Pre-commit is not for formatting your code. It's for checking whether commit is correct. Checking whether content has ticket ID, or whether the files pass even basic syntax validation
> Only add checks that are fast and reliable. Checks that touch the network should never go in a hook. Checks that are slow and require an update-to-date build cache should never go in a hook. Checks that require credentials or a running local service should never go in a hook.
If you can do that, great! If you can't (say it's something like CI/CD repo with a bunch of different language involved and not every dev have setup for everything to be checked locally), having to override it to not run twice a year is still preferable over committing not working code. We run local checks for stuff that make sense (checking YAML correctness, or decoding encrypted YAMLs with user key so they also get checked), but the ones that don't go remote. It's faster. few ms RTT don't matter when you can leverage big server CPU to run the checks faster
Bonus points, it makes the pain point - interactive rebases - faster, because you can cache the output for a given file hash globally so existing commits during rebase take miliseconds to check at most
> Don't set the hook up automatically. Whatever tool you use that promises to make this reliable is wrong. There is not a way to do this reliably, and the number of times it's broken on me is more than I can count. Please just add docs for how to set it up manually, prominantly featured in your CONTRIBUTING docs. (You do have contributing docs, right?)
DO set it up automatically (or as much as possible. We have script that adds the hooks and sets the repo defaults we use). You don't want new developer to have to spend half a day setting up some git nonsense only to get it wrong. And once you change it, just rerun it
Pre-push might address some of the pain points but it doesn't address the biggest - it puts the developer in a "git hole" if they have something wrong in commit, because while pre-commit will just... cancel the commit till dev fixes it, with pre-push they now need to dig out knowledge on how to edit or undo existing commits
The pre-commit framework [1] abstracts all these issues away and offers a bunch of other advantages as well.

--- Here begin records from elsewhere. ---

(* The symmetric difference of two such sets is even and lies in F. *)
Lemma even_with_inj (S1 S2 : {set E}) c : even_with S1 c -> even_with S2 c ->
  S1 :&: ~: F = S2 :&: ~: F -> S1 = S2.
Proof.
move=> h1 h2 hN; pose D := (S1 :\: S2) :|: (S2 :\: S1).
have DF : D \subset F.
  apply/subsetP => f; rewrite !inE => /orP [] /andP [hn hs];
    apply/negPn/negP => fF.
    have : f \in S1 :&: ~: F by rewrite !inE hs fF.
    by rewrite hN !inE (negbTE hn).
  have : f \in S2 :&: ~: F by rewrite !inE hs fF.
  by rewrite -hN !inE (negbTE hn).
have hD v : ~~ odd (deg D v).
  rewrite (deg_setID D S1).
  have -> : D :&: S1 = S1 :\: S2.
    by apply/setP => f; rewrite !inE; case: (f \in S1); case: (f \in S2).
  have -> : D :\: S1 = S2 :\: S1.
    by apply/setP => f; rewrite !inE; case: (f \in S1); case: (f \in S2).
  move: (h1 v) (h2 v); rewrite (deg_setID S1 S2) (deg_setID S2 S1) setIC !oddD.
  by case: (odd (deg (S1 :\: S2) v)); case: (odd (deg (S2 :\: S1) v));
     case: (odd (deg (S2 :&: S1) v)); case: (odd (c v)).
have D0 := acyclic_even_eq0 DF hD.
apply/eqP; rewrite eqEsubset -!setD_eq0; apply/andP; split; apply/eqP;
  apply/setP => f; move/setP: D0 => /(_ f); rewrite !inE;
  by case: (f \in S1); case: (f \in S2).
Qed.

End EvenSets.

Section Terminals.
Variables (V : eqType) (E : finType) (ends : E -> V * V) (F : {set E}).
Variable Delta : nat.
Hypothesis F_acyclic : acyclic ends F.
Variables (I : finType) (term : I -> V) (A : {set I}) (D : {set E}).
Hypothesis D_sub_F : D \subset F.
Hypothesis term_odd : forall t, t \in A -> odd (deg ends D (term t)).
Hypothesis odd_term : forall w, odd (deg ends D w) -> exists2 t, t \in A & term t = w.
Hypothesis term_far : forall t1 t2, t1 \in A -> t2 \in A -> t1 != t2 ->
  dist_ge ends F (term t1) (term t2) Delta.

This was a really interesting read. I'd highly recommend it for anybody who's setting up (or currently maintains) a pre-commit workflow for their developers.
I want to add one other note: in any large organization, some developers will use tools in ways nobody can predict. This includes Git. Don't try to force any particular workflow, including mandatory or automatically-enabled hooks.
Instead, put what you want in an optional pre-push hook and also put it into an early CI/CD step for your pull request checker. You'll get the same end result but your fussiest developers will be happier.